When not on duty, Hana tries to educate children about the dangers of straying into forbidden zones. A sequence cross-cuttng between a woman getting a reading on her metal detector and some lads playing football on a patch of wasteland is unnecessarily rigged for suspense. But, otherwise, this makes an affecting companion to Hogir Hirori and Shinwar Kamal's feature-length profile of Fakhir Berwari, The Deminer (2017).

The United Nations High Commission for Refugees has been presented with the Nobel Peace Prize on two occasions, in 1954 and 1981. In recognition of its achievements, Lost and Found travels to Kutupalong, the world's largest refugee camp on the border between Myanmar and Bangladesh, to highlight the plight of the 700,000 Rohingya Muslims who have been driven from their homes by the military regime that was defended at the International Court of Justice in 2019 by State Counsellor Aung San Suu Kyi, who had been named the Nobel laureate in 1991.

A drone shot shows the size of the camp and it's no wonder that three year-old Dokana becomes separated from her widowed mother. Luckily, Kamal Hussein, who has lived in Kutupalong for 27 years is able to find her and broker a late-night reunion. He fled Myanmar after being beaten by soldiers while on his way to school at the age of seven and knows how children feel to be separated from their parents. In all, Kamal has restored 784 kids to their families and this hopeful short is full of smiles and grateful hugs. But a father searching for a daughter who fell from a capsized boat and an 11 year-old boy who watched troops shooting at his parents might not be so fortunate.
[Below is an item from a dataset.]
(* Let $W=\langle s_0,\dots,s_{n-1}\rangle$ be a finite string C-group, $\mathcal{P}(W)$ the regular polytope with automorphism group $W$, and $N\le W$ such that $\mathcal{P}(W)/N$ is a polytope admitting the flag action of $W$, with $N$ the stabilizer of the base flag $\Phi$. Let $u_1=1,u_2,\dots,u_r\in W$ be chosen so that the flags $\Phi^{u_1},\dots,\Phi^{u_r}$ are representatives of the $r$ orbits of the automorphism group of $\mathcal{P}(W)/N$ on its flags. Let $\sigma_1,\dots,\sigma_t$ be the distinct Coxeter elements of $W$, and let $m_{j,l}=|\{\Phi^{u_j}\alpha : \alpha\in\langle\sigma_l\rangle\}|$, the size of the orbit of $\Phi^{u_j}$ under the flag action of $\langle\sigma_l\rangle$. For $0\le i\le n-1$ let $H_i=\langle s_k : k\ne i\rangle$. If $(\sigma_l)^kH_i\cap N^{u_j}=\emptyset$ for all $i$, $j$, $l$ and all $1\le k<m_{j,l}$, then $\mathcal{P}(W)/N$ has acoptic Petrie schemes.
   Context: Abstract polytopes are graded posets with least and greatest faces, all flags of equal length, strongly connected, satisfying the diamond condition. A string C-group is generated by distinct involutions $s_0,\dots,s_{n-1}$ with $(s_is_j)^2=1$ for $|i-j|>1$ and the intersection property. The flag action of $W$ on a polytope sends a flag $\Phi$ under $s_i$ to the unique flag $\Phi^{s_i}$ differing from $\Phi$ only in its face of rank $i$ (assumed to extend to a well-defined right action). A Coxeter element of $W$ is a product of the generators $s_0,\dots,s_{n-1}$ in which each generator appears exactly once (in some order). The exchange map $\varrho_i$ sends each flag to the flag differing from it only in rank $i$; a Petrie map $\sigma$ is a composition of $\varrho_0,\dots,\varrho_{n-1}$ with each appearing exactly once (e.g. the flag action of a Coxeter element). A Petrie sequence is a sequence of flags $(\dots,\Phi\sigma^{-1},\Phi,\Phi\sigma,\Phi\sigma^2,\dots)$ for a fixed Petrie map $\sigma$ and flag $\Phi$; its Petrie scheme is its shortest cyclic listing if the sequence is periodic, and the sequence itself otherwise. A polytope has acoptic Petrie schemes if each proper face (face other than the least and greatest) appears at most once in each Petrie scheme, i.e. among the flags of a Petrie scheme no proper face occurs in two different positions. $N^{u}=u^{-1}Nu$. *)

From HB Require Import structures.
From mathcomp Require Import all_boot all_fingroup.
As the camera peers down once more on the teeming warren of tiny huts, one is left to wonder how on earth do you social distance in such a crowded space? It's hard not to despair at the wickedness in the world and wish that Kamal's loudhailer could echo into every corner of the planet and declare, `enough is enough!'

The Intergovernmental Panel on Climate Change was recognised by the Nobel panel in 2007. In seeking to pay tribute to their work, Von Einsiedel has made The Lost Forest, which accompanies an expedition by Welsh conservation scientist Dr Julian Bayliss to the area of previously unexplored old-grown rainforest that sits atop Mount Lico, an inselberg in the Alto Molocue District of Zambezia Province in northern Mozambique.

The Oxford Brookes alumnus had identified the spot through Google Earth and, in February 2017, Von Einsiedel was invited to join the 28-person team chosen to scale the 410ft rock wall that had always confounded the indigenous population. As no one had ever set foot there before (or so they thought), Bayliss and cohorts like Simon Willcock, Gabriela Bittencourt, Hermenegildo Matimele and Ara Monadjem were able explore what was essentially an ecological time capsule and, in finding new species of small mammal, fish, chameleon, butterfly, gecko and crab, attempt to determine the extent to which it had been forced to evolve by climate change.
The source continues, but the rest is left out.